Update on the governor's OUS budget reduction request. Provost John Moseley indicated that it appears as though budget cuts will be in the range of 6%. The chancellor's office draft budget reduction plan being considered by the board will reduce non-academic programs first, with the largest reduction being in statewide public services. Other central services are also reduced at a substantially higher rate than academic programs. If the budget reduction level were at 6% of our general funding, the campus would experience a reduction of 3.6% overall. Because part of this reduction is being taken centrally, the end cut would be approximately 2% from academic programs. The University of Oregon generates more in tuition than it receives from state general funds ? our expenses are made up of 40% state general funds and 60% tuition. The requested cut is specific to the state general funds, and thus is discounted by that amount as well. And, because the university began the biennium with a balanced budget, it is in the best place in recent years to deal with these cuts at the 6% level. Further, the university has made the commitment to go forward with a 4% salary increase this year and expects to continue with another 4% increase next year. This "catch-up" salary increase had been built into the initial budget planning rather waiting to see if there was any balance left for salaries after other expenditures. President Tublitz thanked Provost Moseley and other administrators for working especially hard after Measure 5 was enacted in order to keep the university afloat and in good position with sound fiscal planning.
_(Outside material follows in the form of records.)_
(* There exists a quantum algorithm which, given the value $a>0$ of the initial success probability of $\mathcal A$, outputs a basis element $z$ with $\chi(z)=1$ with certainty (probability $1$), using a number of applications of $\mathcal A$ and $\mathcal A^{-1}$ (together with $\mathbf S_\chi$, $\mathbf S_0$-type phase operators and auxiliary gates not depending on $\chi$ or $\mathcal A$) that is in $\Theta(1/\sqrt a)$ in the worst case.
   Context: Let $\mathcal H$ be a finite-dimensional Hilbert space with a fixed orthonormal computational basis $\{|x\rangle\}$ indexed by a finite set of nonnegative integers containing $0$. Let $\chi:\mathbb Z\to\{0,1\}$ be a Boolean function; a basis state $|x\rangle$ is good if $\chi(x)=1$. For a state $|\Upsilon\rangle$, let $|\Upsilon_1\rangle$ be its orthogonal projection onto the span of the good basis states. Let $\mathcal A$ be a unitary on $\mathcal H$ (a quantum algorithm using no measurements), $|\Psi\rangle=\mathcal A|0\rangle$, and $a=\langle\Psi_1|\Psi_1\rangle$ its initial success probability. *)

From mathcomp Require Import all_boot all_algebra.
From mathcomp Require Import reals complex spectral.
Set Implicit Arguments. Unset Strict Implicit. Unset Printing Implicit Defensive.
Import GRing.Theory Num.Theory.
Local Open Scope ring_scope.

Section QAlg.
Variable R : realType.
Local Notation C := (R[i]).

(* Hilbert space H = C^(n+1), computational basis |x>, x : 'I_(n.+1), |0> = ord0.
   A state is a column vector. *)
Definition ket0 (n : nat) : 'cV[C]_(n.+1) := delta_mx ord0 0.

Definition good_prob (n : nat) (chi : int -> bool) (psi : 'cV[C]_(n.+1)) : C :=
  \sum_(x < n.+1 | chi (nat_of_ord x)%:Z) `|psi x 0| ^+ 2.

Definition S_chi (n : nat) (chi : int -> bool) (phi : C) : 'M[C]_(n.+1) :=
  diag_mx (\row_(x < n.+1) if chi (nat_of_ord x)%:Z then phi else 1).

Definition S_0 (n : nat) (phi : C) : 'M[C]_(n.+1) :=
  diag_mx (\row_(x < n.+1) if x == ord0 then phi else 1).

(* Gates available to the algorithm. Aux gates are explicit matrices chosen by
   the algorithm, hence independent of chi and A. *)
Inductive gate (n : nat) : Type :=
  | GA : gate n
  | GAinv : gate n
  | GSchi : C -> gate n
  | GS0 : C -> gate n
  | GAux : 'M[C]_(n.+1) -> gate n.

Definition gate_ok (n : nat) (g : gate n) : Prop :=
  match g with
  | GA | GAinv => True
  | GSchi phi | GS0 phi => `|phi| = 1
  | GAux U => U \is unitarymx
  end.

Fixpoint circuit_ok (n : nat) (s : seq (gate n)) : Prop :=
  match s with
  | [::] => True
  | g :: s' => gate_ok g /\ circuit_ok s'
  end.

Definition gate_mx (n : nat) (chi : int -> bool) (A : 'M[C]_(n.+1)) (g : gate n)
  : 'M[C]_(n.+1) :=
  match g with
  | GA => A
  | GAinv => invmx A
  | GSchi phi => S_chi n chi phi
  | GS0 phi => S_0 n phi
  | GAux U => U
  end.

(* Run the circuit (gates applied left to right, first gate first) on psi. *)
Fixpoint run (n : nat) (chi : int -> bool) (A : 'M[C]_(n.+1)) (s : seq (gate n))
  (psi : 'cV[C]_(n.+1)) : 'cV[C]_(n.+1) :=
  match s with
  | [::] => psi
  | g :: s' => run chi A s' (gate_mx chi A g *m psi)
  end.

Definition cost (n : nat) (s : seq (gate n)) : nat :=
  count (fun g => match g with GA | GAinv => true | _ => false end) s.

End QAlg.

(* Amplitude amplification with an exact last step.  Write A|0> = psi1 + psi0, where
   psi1 is the good part, of weight a = sin^2 theta.  A Grover block, S_chi(ph1) followed
   by A S_0(ph2) A^-1, leaves the plane spanned by psi1 and psi0 invariant; for
   ph1 = ph2 = -1 it acts there, up to sign, as the rotation by 2 theta, so k standard
   blocks reach the angle (2k+1) theta.  Stop before this angle exceeds pi/2: while it
   does not, sin - cos grows by at least 2 sin theta / 3 per block, so k < 3 / sqrt a,
   and cos drops by at most 2 sin theta per block, so k + 1 >= cos theta / (2 sqrt a).
   The remaining angle is at most 2 theta, and a single block with tuned phases then
   cancels the bad amplitude exactly; by unitarity the final state is good with
   probability 1.  Counting the initial A, the cost is 2k + 3 = Theta(1 / sqrt a). *)

From mathcomp Require Import all_boot all_algebra.
From mathcomp Require Import reals complex spectral.
From mathcomp Require Import all_order ring lra.
Import Order.TTheory GRing.Theory Num.Theory.
Set Implicit Arguments. Unset Strict Implicit. Unset Printing Implicit Defensive.
Local Open Scope ring_scope.
Local Open Scope complex_scope.

Section AmplitudeDynamics.
Variable R : realType.
Local Notation C := R[i].

(* New amplitudes of amp.1 psi1 + amp.2 psi0 after the block S_chi(ph.1), A S_0(ph.2) A^-1,
   where A|0> = psi1 + psi0 and a is the weight of psi1; g is the overlap of A|0>
   with the intermediate state. *)
Definition grover_step (a : R) (ph amp : C * C) : C * C :=
  let g := ph.1 * amp.1 * a%:C + amp.2 * (1 - a)%:C in
  (ph.1 * amp.1 + (ph.2 - 1) * g, amp.2 + (ph.2 - 1) * g).

Definition grover_run (a : R) (L : seq (C * C)) (amp : C * C) : C * C :=
  foldl (fun amp ph => grover_step a ph amp) amp L.

Definition unit_phase (ph : C * C) : bool := (`|ph.1| == 1) && (`|ph.2| == 1).

Lemma grover_run_rcons_nseq a k p q amp :
  grover_run a (rcons (nseq k p) q) amp =
  grover_step a q (iter k (grover_step a p) amp).
Proof.
rewrite /grover_run foldl_rcons; congr grover_step.
by elim: k amp => //= k IHk amp; rewrite IHk -iterSr.
Qed.

Lemma grover_step_std_real a (u v : R) :
  grover_step a (-1, -1) (u%:C, v%:C) =
  ((- u - 2 * (- u * a + v * (1 - a)))%:C, (v - 2 * (- u * a + v * (1 - a)))%:C).
Proof.
rewrite /grover_step /=; congr pair;
by rewrite !(rmorphB, rmorphD, rmorphM, rmorphN, rmorph1) /=; ring.
Qed.

Definition exact_schedule (a : R) (L : seq (C * C)) : bool :=
  [&& all unit_phase L,
      2^-1 / Num.sqrt a <= 2 * (size L)%:R + 1 <= 9 / Num.sqrt a &
      (grover_run a L (1, 1)).2 * (1 - a)%:C == 0].

Section DoubleAngleRotation.
Variables s c : R.
Hypotheses (s_gt0 : 0 < s) (c_gt0 : 0 < c) (sc1 : s ^+ 2 + c ^+ 2 = 1).

(* rot2 is the rotation by 2 theta, where sin theta = s and cos theta = c, so that
   grover_pt k = (cos (2k+1) theta, sin (2k+1) theta). *)
Definition rot2 (z : R * R) : R * R :=
  ((c ^+ 2 - s ^+ 2) * z.1 - 2 * s * c * z.2, 2 * s * c * z.1 + (c ^+ 2 - s ^+ 2) * z.2).

Definition grover_pt (k : nat) : R * R := iter k rot2 (c, s).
Question and answer period with state Board of Higher Education student member Tim Young. Board member Tim Young distributed a draft of OUS's proposed budget reductions to the senators and and then fielded questions from the floor. He noted, in reference to the budget reduction plan distributed, that both he and board member Geri Richmond, chemistry, were disappointed in the proposed 20% reduction in research dollars. He pointed to the capacity of research dollars to generate economic activity in Oregon and thus asked the chancellor's office to return with an alternative plan to the 20% research reductions.

In response to a question from Senator Jim Earl, English, Mr. Young stated that the involvement of the board members to the chancellor's search is currently a point of contention. He explained that when the full board in not in session, the smaller executive committee is delegated much of the board's responsibility. As a result, the executive committee (appointed by the board president) is the primary entity in the new chancellor search process. Mr. Young continued saying that the full board's preference would be to offer their perspective in the initial stages of the search process, however they have been excluded, with confidentiality issues as the stated reason. Mr. Young states that the university presidents will have input during the later stages of the search, as will community leaders, students, and faculty. However, Mr. Young reiterated that in his opinion the search committee should have included one university president, one faculty member, and one student in addition to the board executive committee.

Senator Sandra Morgan, sociology, asked about the type of person the board is seeking. Mr. Young responded saying that the issue is muddied somewhat by the current commission to study government structures in K-12, higher education, and private schools as mandated by HB 2015. The outcome of the study will be a recommendation to the board and the legislature regarding higher education governance structure in Oregon. It would have been helpful to have this study concluded before searching for a new chancellor, but unfortunately that is not an option. The criteria for choosing a chancellor will be forwarded to the search committee initially, then passed through the virtual network for community leaders, students, and faculty for input. Those recommendations will be channeled through the chancellor's office and forwarded to the board and the board will make a recommendation to the search committee regarding what the final criteria should be. The search committee will have final authority on the criteria for the new chancellor.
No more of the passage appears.